6 Does underinsured count as uninsured? Is anyone truly uninsured under the Affordable Care Act (ACA)? What does that mean for patient assistance or “340B” programs? Patient assistance programs have become an essential resource for patients and practices to ensure access to needed treatment. However, such programs have limitations depending upon whether a patient has access to “other insurance,” if they are in a federal insurance program, or if they are insured at any level. The challenge for oncology managers is how this new category of patients will be classified. Determining whether patients are in a federal program will vary by state. The burning question is whether narrow formularies and narrow provider networks will create a new, large class of patients who are insured for some care, but possibly not the care they need, and whether the existence of minimal insurance then precludes those patients from certain patient assistance programs for which they might otherwise have qualified. If patients are considered eligible to sign up under the ACA and choose not to, are they then considered uninsured by choice and therefore no longer really uninsured? In particular, what will happen to hospitals and their indigent population counts? Or their disproportionate share counts that allow them to qualify for 340B drug pricing (a federal program intended to allow hospitals that care for a disproportionate share of indigent patients to buy drugs for outpatient care at a much discounted rate)? If those patients don’t count, and hospitals don’t qualify for 340B, how might that affect recent hospital oncology service expansion and acquisition of formerly private oncology groups?

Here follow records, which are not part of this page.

(* For n <> 6 pick m coprime to n with n/6 < m <= n/2 and place
   vertex j at angle j * (2 pi m / n) on a circle: this star polygon {n/m} has
   all edges of length 2 rho sin(pi m / n), and the radius rho making them unit
   is < 1 because cos (2 pi m / n) < 1/2.  For C_6 we follow a closed path of
   six edges of the unit cube, which lies on the sphere of radius sqrt 3 / 2.
   In both cases the "no vertex inside an edge" condition is automatic, since
   a chord of a sphere meets the sphere only at its endpoints.

   A sphere in R^0 or R^1 has at most two points.  For C_6 in
   the plane, a unit step between two points of a circle of squared radius s is
   a rotation whose cosine is (s - 1/2)/s and whose sine is determined up to
   sign; a sign change would send the walk back where it was two steps before,
   so an injective closed hexagon turns by one fixed rotation w, a primitive
   sixth root of unity.  Then Re w = 1/2, which forces s = 1. *)

From Stdlib Require Import Reals.
From HB Require Import structures.
From mathcomp Require Import all_boot all_order all_algebra.
From mathcomp Require Import Rstruct complex ring lra zify.
Set Implicit Arguments. Unset Strict Implicit. Unset Printing Implicit Defensive.
Import Order.TTheory GRing.Theory Num.Theory.
Local Open Scope ring_scope.

Lemma edist_sq k (x y : 'rV[RR]_k) :
  edist x y ^+ 2 = \sum_(i < k) (x ord0 i - y ord0 i) ^+ 2.
Proof. by rewrite /edist sqr_sqrtr // sumr_ge0 // => i _; exact: sqr_ge0. Qed.

Lemma edist_sym k (x y : 'rV[RR]_k) : edist x y = edist y x.
Proof. by rewrite /edist; congr Num.sqrt; apply: eq_bigr => i _; rewrite -sqrrN opprB. Qed.

Lemma edist_eq_sqr k (x y : 'rV[RR]_k) (d : RR) : 0 <= d ->
  edist x y ^+ 2 = d ^+ 2 -> edist x y = d.
Proof. by move=> d0 e; apply/eqP; rewrite -(eqrXn2 (isT : (0 < 2)%N)) ?e ?sqrtr_ge0. Qed.

Lemma edist2 (u v : 'rV[RR]_2) : edist u v ^+ 2 =
  (u ord0 ord0 - v ord0 ord0) ^+ 2 +
  (u ord0 (lift ord0 ord0) - v ord0 (lift ord0 ord0)) ^+ 2.
Proof. by rewrite edist_sq !big_ord_recl big_ord0 addr0. Qed.
(* Let $m,n\in\mathbb{N}$, let $\Omega\subset\mathbb{R}^n$ be a bounded open set with smooth boundary, $\mathfrak{U}:=\mathbb{R}^m\times\Omega$, and $R>0$ with $\Omega\subseteq\{r<R\}$. Let $\varepsilon,a,b>0$ satisfy $a\ge(m+n)^2$, $a\gg R$, $\varepsilon\ll_{m,n}b\ll R^{-1}$, and let \[ \zeta_{a,b;\varepsilon}:=\left\{\frac{f}{(1+\varepsilon u)(1-\varepsilon v)}\exp\left[\frac{2bf^{1/2}}{(1-\varepsilon u)^{1/2}(1+\varepsilon v)^{1/2}}\right]\right\}^{2a}. \] Then on $\mathfrak{U}\cap\mathfrak{D}$, for every Cartesian coordinate index $\alpha$, \[ |\nabla^\alpha\zeta_{a,b;\varepsilon}|\lesssim aR\,\zeta_{a,b;\varepsilon}f^{-1}. \]
   Context: On $\mathbb{R}^{m+n}$ with Cartesian coordinates $t\in\mathbb{R}^m$, $x\in\mathbb{R}^n$ and flat metric $g=-\sum dt_i^2+\sum dx_j^2$ (indices raised with $g$): $r=|x|$, $\tau=|t|$, $u=\frac12(\tau-r)$, $v=\frac12(\tau+r)$, $f=-uv=\frac14(|x|^2-|t|^2)$, $\mathfrak{D}=\{f>0\}$. $A\lesssim B$ means $A\le CB$ for some constant $C>0$; $A\gg B$ means $A\ge KB$ for sufficiently large $K$; $A\ll_{m,n}B$ means $A\le cB$ with $c>0$ sufficiently small depending on $m,n$, and $A\ll B$ analogously with an absolute constant. *)

From HB Require Import structures.
From mathcomp Require Import all_boot all_order all_algebra.
From mathcomp Require Import all_classical all_reals all_analysis.
Set Implicit Arguments. Unset Strict Implicit. Unset Printing Implicit Defensive.
Import Order.TTheory GRing.Theory Num.Theory.
Import numFieldNormedType.Exports.
Local Open Scope classical_set_scope.
Local Open Scope ring_scope.
(* Assume the rearrangement setting described in the context, with $R$ a poset. Assume moreover that: - $\beta$ is a bijection $X\to Y$ which is a homomorphism from $R|_X$ to $R|_Y$; - for every $x\in X$, $N^{in}_R(x)\setminus M\subseteq N^{in}_R(\beta(x))$ and $N^{out}_R(x)\setminus M\subseteq N^{out}_R(\beta(x))$; - $X$ is convex in $R$; - there is no walk in $R$ from $M$ to $Y$ and no walk in $R$ from $Y$ to $M$. Let $T$ be the transitive hull of $S$. Then $T$ is a poset and $R\sqsubseteq_\Gamma T$ with respect to $\mathfrak{D}$.
   Context: **Digraphs and homomorphisms.** - A digraph $G$ is a pair $(V(G),A(G))$, where $V(G)$ is a finite non-empty set and $A(G)\subseteq V(G)\times V(G)$. Arcs are written $vw$. - A poset is a reflexive, antisymmetric, transitive digraph. - A homomorphism $\xi:G\to H$ is a map $V(G)\to V(H)$ with $\xi(v)\xi(w)\in A(H)$ for all $vw\in A(G)$. $\mathcal{H}(G,H)$ is the set of homomorphisms. - Two vertices $u,w$ are adjacent if $uw\in A(G)$ or $wu\in A(G)$. - $N_G(v)$ is the set of $w\ne v$ adjacent to $v$. $N^{in}_G(v)=\{w\in N_G(v):wv\in A(G)\}$ and $N^{out}_G(v)=\{w\in N_G(v):vw\in A(G)\}$. - $G|_X$ is the induced subdigraph on $X$. - A walk is a sequence $v_0,\dots,v_I$ with $I\ge1$ and $v_{i-1}v_i\in A(G)$. A walk from $A$ to $B$ is one with $v_0\in A$ and $v_I\in B$. - A set $X$ is convex if every walk starting and ending in $X$ has all its vertices in $X$. - The transitive hull of $G$ is the digraph on $V(G)$ whose arc set is the smallest transitive relation containing $A(G)$. - $\mathfrak{D}$ is the class of all digraphs. **Rearrangement setting.** - $R=(Z,A(R))$ is a digraph. - $X,M\subseteq Z$ are disjoint. - $Y\subseteq Z$ satisfies $M\cap Y=\emptyset$ and $M\cap N_R(y)=\emptyset$ for all $y\in Y$. - $\beta:X\to Y$ is a map. - $S$ is the digraph with $V(S)=Z$ and $A(S)=A_r\cup A_d\cup A_u$, where: - $A_r=A(R)\setminus((M\times X)\cup(X\times M))$; - $A_d=\{m\beta(x): mx\in A(R)\cap(M\times X)\}$; - $A_u=\{\beta(x)m: xm\in A(R)\cap(X\times M)\}$. **Connectivity and schemes.** - For $X'\subseteq V(G)$ and $v,w\in X'$, the vertices $v$ and $w$ are connected in $X'$ if $v=w$, or if there are $z_0=v,\dots,z_I=w$ in $X'$ with consecutive terms adjacent. - $\gamma_{X'}(v)$ is the set of such $w$. - $\Gamma_\xi(v)=\gamma_{\xi^{-1}(\xi(v))}(v)$. - $\mathfrak{D}_r$ is a fixed system of representatives of $\mathfrak{D}$ up to isomorphism. - $R\sqsubseteq_\Gamma T$ with respect to $\mathfrak{D}$ means there exist injective maps $\rho_G:\mathcal{H}(G,R)\to\mathcal{H}(G,T)$, $G\in\mathfrak{D}_r$, with $\Gamma_{\rho_G(\xi)}(v)=\Gamma_\xi(v)$ for all $G$, $\xi$ and $v$. *)

From mathcomp Require Import ssreflect ssrfun ssrbool eqtype ssrnat seq path choice fintype finfun finset fingraph.
Set Implicit Arguments. Unset Strict Implicit. Unset Printing Implicit Defensive.

Section Digraphs.
Variable V : finType.
Implicit Types (e : rel V) (A : {set V}) (v w : V).

Definition is_poset e : Prop :=
  [/\ reflexive e, antisymmetric e & transitive e].

Definition Nin e v : {set V} := [set w | (w != v) && e w v].
Definition Nout e v : {set V} := [set w | (w != v) && e v w].
Definition Nbhd e v : {set V} := Nin e v :|: Nout e v.

(* a walk v0, v1, ..., vI (I >= 1) is  v0 :: s  with s non-empty *)
Definition is_walk e v0 (s : seq V) : bool := (s != [::]) && path e v0 s.

Definition walk_from_to e A (B : {set V}) : Prop :=
  exists v0 s, [/\ is_walk e v0 s, v0 \in A & last v0 s \in B].

Definition convex e A : Prop :=
  forall v0 s, is_walk e v0 s -> v0 \in A -> last v0 s \in A ->
    all (fun u => u \in A) (v0 :: s).

(* transitive hull: smallest transitive relation containing e *)
Definition trans_hull e : rel V :=
  fun a b => [exists z, e a z && connect e z b].

Definition adjacent e v w : bool := e v w || e w v.
Definition gamma e (X' : {set V}) v : {set V} :=
  [set w | connect [rel a b | [&& a \in X', b \in X' & adjacent e a b]] v w].
End Digraphs.

Definition is_hom (V W : finType) (eG : rel V) (eH : rel W) (f : V -> W) : Prop :=
  forall v w, eG v w -> eH (f v) (f w).

Definition Gamma (V W : finType) (eG : rel V) (xi : {ffun V -> W}) (v : V) : {set V} :=
  gamma eG [set u | xi u == xi v] v.

(* R ⊑_Γ T w.r.t. the class of all (finite, non-empty) digraphs *)
Definition sqsubGamma (Z : finType) (eR eT : rel Z) : Prop :=
  forall (V : finType) (eG : rel V), 0 < #|V| ->
    exists rho : {ffun V -> Z} -> {ffun V -> Z},
      [/\ forall xi : {ffun V -> Z}, is_hom eG eR xi -> is_hom eG eT (rho xi),
          forall xi1 xi2 : {ffun V -> Z}, is_hom eG eR xi1 -> is_hom eG eR xi2 ->
             rho xi1 = rho xi2 -> xi1 = xi2
        & forall (xi : {ffun V -> Z}) v, is_hom eG eR xi -> Gamma eG (rho xi) v = Gamma eG xi v].

Definition rearr (Z : finType) (eR : rel Z) (X M : {set Z}) (beta : Z -> Z) : rel Z :=
  fun a b =>
    [|| eR a b && ~~ (((a \in M) && (b \in X)) || ((a \in X) && (b \in M))),
        (a \in M) && [exists x in X, eR a x && (b == beta x)]
      | (b \in M) && [exists x in X, eR x b && (a == beta x)]].

From mathcomp Require Import ssreflect ssrfun ssrbool eqtype ssrnat seq path choice fintype finfun finset fingraph.
Set Implicit Arguments. Unset Strict Implicit. Unset Printing Implicit Defensive.

(* S is reflexive, so T is just the reachability relation of S
   and is reflexive and transitive.  For antisymmetry it suffices that every
   arc of S lying on a closed S-walk is an arc of R: then mutually reachable
   vertices are R-comparable both ways, hence equal.  The arcs of S that are
   not arcs of R are "down" arcs m -> beta x (m in M, m <= x) and "up" arcs
   beta x -> m (x <= m); an invariant carried around a putative cycle shows
   that neither kind lies on a cycle, using the convexity of X and the
   absence of walks between M and Y.

   A homomorphism xi : G -> R is recoloured by moving, via
   beta, exactly those vertices v with xi v in X whose Gamma-component is
   adjacent to a vertex mapped into M.  The recoloured map rho xi is a
   homomorphism into S, it has the same equality pattern as xi on adjacent
   vertices (hence the same Gamma-components), and the moved vertices can be
   read off rho xi, which makes rho injective. *)

Lemma poset_refl (T : finType) (e : rel T) : is_poset e -> reflexive e.
Proof. by case. Qed.

Lemma poset_trans (T : finType) (e : rel T) : is_poset e -> transitive e.
Proof. by case. Qed.

Section ConnectFacts.
Variables (T : finType) (e : rel T).

Lemma connect_cycle_inv (P : T -> Prop) :
  (forall c d, P c -> e c d -> connect e d c -> P d) ->
  forall a b, P a -> connect e a b -> connect e b a -> P b.
Proof.
move=> step a _ Pa /connectP[p pth ->].
elim: p a Pa pth => //= c p IHp a Pa /andP[ac pth] back.
have cb : connect e c (last c p) by apply/connectP; exists p.
exact: IHp (step a c Pa ac (connect_trans cb back)) pth
  (connect_trans back (connect1 ac)).
Qed.

Lemma sub_trans_hull : subrel e (trans_hull e).
Proof. by move=> a b ab; apply/existsP; exists b; rewrite ab connect0. Qed.

Lemma trans_hull_connect : reflexive e -> trans_hull e =2 connect e.
Proof.
move=> e_refl a b; apply/existsP/idP => [[z /andP[az zb]]|ab].
  exact: connect_trans (connect1 az) zb.
by exists a; rewrite e_refl.
Qed.

Lemma cycle_connect_le (eR : rel T) : reflexive eR -> transitive eR ->
  (forall c d, e c d -> connect e d c -> eR c d) ->
  forall a b, connect e a b -> connect e b a -> eR a b.
Proof.
move=> R_refl R_trans cyc a b.
apply: (@connect_cycle_inv (fun c => eR a c)) (R_refl a).
by move=> c d ac cd dc; apply: R_trans ac (cyc c d cd dc).
Qed.

Lemma trans_hull_poset (eR : rel T) : reflexive e -> is_poset eR ->
  (forall c d, e c d -> connect e d c -> eR c d) -> is_poset (trans_hull e).
Proof.
move=> e_refl [R_refl R_anti R_trans] cyc.
have le := cycle_connect_le R_refl R_trans cyc.
split=> [a | a b | b a c]; rewrite ?trans_hull_connect //.
- by move=> /andP[ab ba]; apply: R_anti; rewrite !le.
- exact: connect_trans.
Qed.
End ConnectFacts.

Section GammaFacts.
Variables (V W : finType) (e : rel V).

(* Adjacency restricted to pairs on which f takes the same value: the
   Gamma-components of f are the components of this symmetric relation. *)
Definition same_adj (f : V -> W) : rel V :=
  [rel a b | adjacent e a b && (f a == f b)].

Lemma same_adj_connect_sym f : connect_sym (same_adj f).
Proof. by apply: sym_connect_sym => a b; rewrite /same_adj /= /adjacent orbC eq_sym. Qed.

Lemma mem_gamma_fiber (f : V -> W) v w :
  (w \in gamma e [set u | f u == f v] v) = connect (same_adj f) v w.
Proof.
rewrite inE; apply/idP/idP.
  apply: connect_sub => a b /and3P[]; rewrite !inE => /eqP fa /eqP fb ab.
  by apply: connect1; rewrite /same_adj /= ab fa fb eqxx.
move=> /connectP[p pth ->]; apply/connectP; exists p => //.
have fiber_path c a : f a = c -> path (same_adj f) a p ->
    path [rel x y | [&& x \in [set u | f u == c], y \in [set u | f u == c]
                     & adjacent e x y]] a p.
  elim: p a {pth} => //= b p IHp a fa /andP[/andP[ab /eqP fab] pth].
  by rewrite !inE -fab fa eqxx ab IHp // -fab.
exact: fiber_path.
Qed.

Variable xi : {ffun V -> W}.

Lemma Gamma_const v w : w \in Gamma e xi v -> xi w = xi v.
Proof.
rewrite mem_gamma_fiber => vw; apply/eqP.
have closed_fiber : closed (same_adj xi) [pred u | xi u == xi v].
  apply: intro_closed; first exact: same_adj_connect_sym.
  by move=> a b; rewrite /same_adj /= !inE => /andP[_ /eqP ->].
by have := closed_connect closed_fiber vw; rewrite !inE eqxx => <-.
Qed.

Lemma Gamma_trans v w : w \in Gamma e xi v -> Gamma e xi w = Gamma e xi v.
Proof.
rewrite mem_gamma_fiber => vw; apply/setP => u; rewrite !mem_gamma_fiber.
by rewrite (same_connect (same_adj_connect_sym xi) vw).
Qed.

Lemma Gamma_adj v w : adjacent e v w -> xi v = xi w -> w \in Gamma e xi v.
Proof. by move=> vw xivw; rewrite mem_gamma_fiber connect1 // /same_adj /= vw xivw eqxx. Qed.

Lemma eq_Gamma (xi' : {ffun V -> W}) v :
  (forall a b, adjacent e a b -> (xi' a == xi' b) = (xi a == xi b)) ->
  Gamma e xi' v = Gamma e xi v.
Proof.
move=> same; apply/setP => w; rewrite !mem_gamma_fiber; apply: eq_connect => a b.
rewrite /same_adj /=.
by case ab: (adjacent e a b); rewrite //= same.
Qed.
End GammaFacts.

Section Rearrangement.
Variables (Z : finType) (eR : rel Z) (X M Y : {set Z}) (beta : Z -> Z).
Hypothesis R_poset : is_poset eR.
Hypothesis X_M_disj : [disjoint X & M].
Hypothesis M_Y_disj : [disjoint M & Y].
Hypothesis beta_Y : {in X, forall x, beta x \in Y}.
Hypothesis beta_inj : {in X &, injective beta}.
Hypothesis beta_hom : {in X &, forall x x', eR x x' -> eR (beta x) (beta x')}.
Hypothesis beta_Nin : forall x, x \in X -> Nin eR x :\: M \subset Nin eR (beta x).
Hypothesis beta_Nout : forall x, x \in X -> Nout eR x :\: M \subset Nout eR (beta x).
Hypothesis X_convex : convex eR X.
Hypothesis no_walk_MY : ~ walk_from_to eR M Y.
Hypothesis no_walk_YM : ~ walk_from_to eR Y M.

Local Notation S := (rearr eR X M beta).

Let R_refl : reflexive eR := poset_refl R_poset.
Let R_trans : transitive eR := poset_trans R_poset.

We do not yet have answers to these questions. States, the federal government, payers, pharmaceutical manufacturers, policy advocates, patient advocates, and providers are all seeking answers that are not yet forthcoming by any of those running the exchange programs. I was in a meeting recently with someone working with state insurance commissioners. Their focus regarding exchanges seemed to be on whether the technology to enroll people was working and how much more we needed to get the enrollment up, especially among targeted populations. When asked about the top 6 issues addressed above, the response was, “We are taking notes and learning for 2015.”

We cannot wait until 2015. Our oncology practices and cancer centers are operating blindly. Many have chosen not to participate in the exchanges yet, for these very reasons. Large groups announced that they would not participate in the first quarter of 2014, but are now opening up their providers to participate in the second quarter. We still do not know what will happen to patients and providers as these programs unfold throughout the year.

What Can You Do in Your Group?

  • Reach out to your state insurance commissioner and insurance advocates. Help them to understand how the process is not working, as well as the information gaps that are affecting oncology patients and their access to needed treatment.
  • Document requests for fee schedule and formulary information to exchange plans, and report delays and lack of response to your state insurance commissioner and your local senators and representatives.
  • Quantify numbers of patients left on the sidelines regarding their access to cancer care related to the exchanges and ACA. This may be crucial information as we move into the next election cycle, no matter what your political persuasion may be. If we don’t document and track now, it will be as if it never happened 6 months from now.
  • Remember, insurance exchanges are not insurance marketplaces, no matter what they call themselves. There are a number of private insurance opportunities for every patient, and we are already hearing tales of patients finding better coverage for a lower cost in private offerings rather than in the exchanges, especially those who do not qualify for subsidies. Get the word out and help your patients (and even those who do not have cancer) understand that they have choices that are not limited to the options shown on the health exchange websites.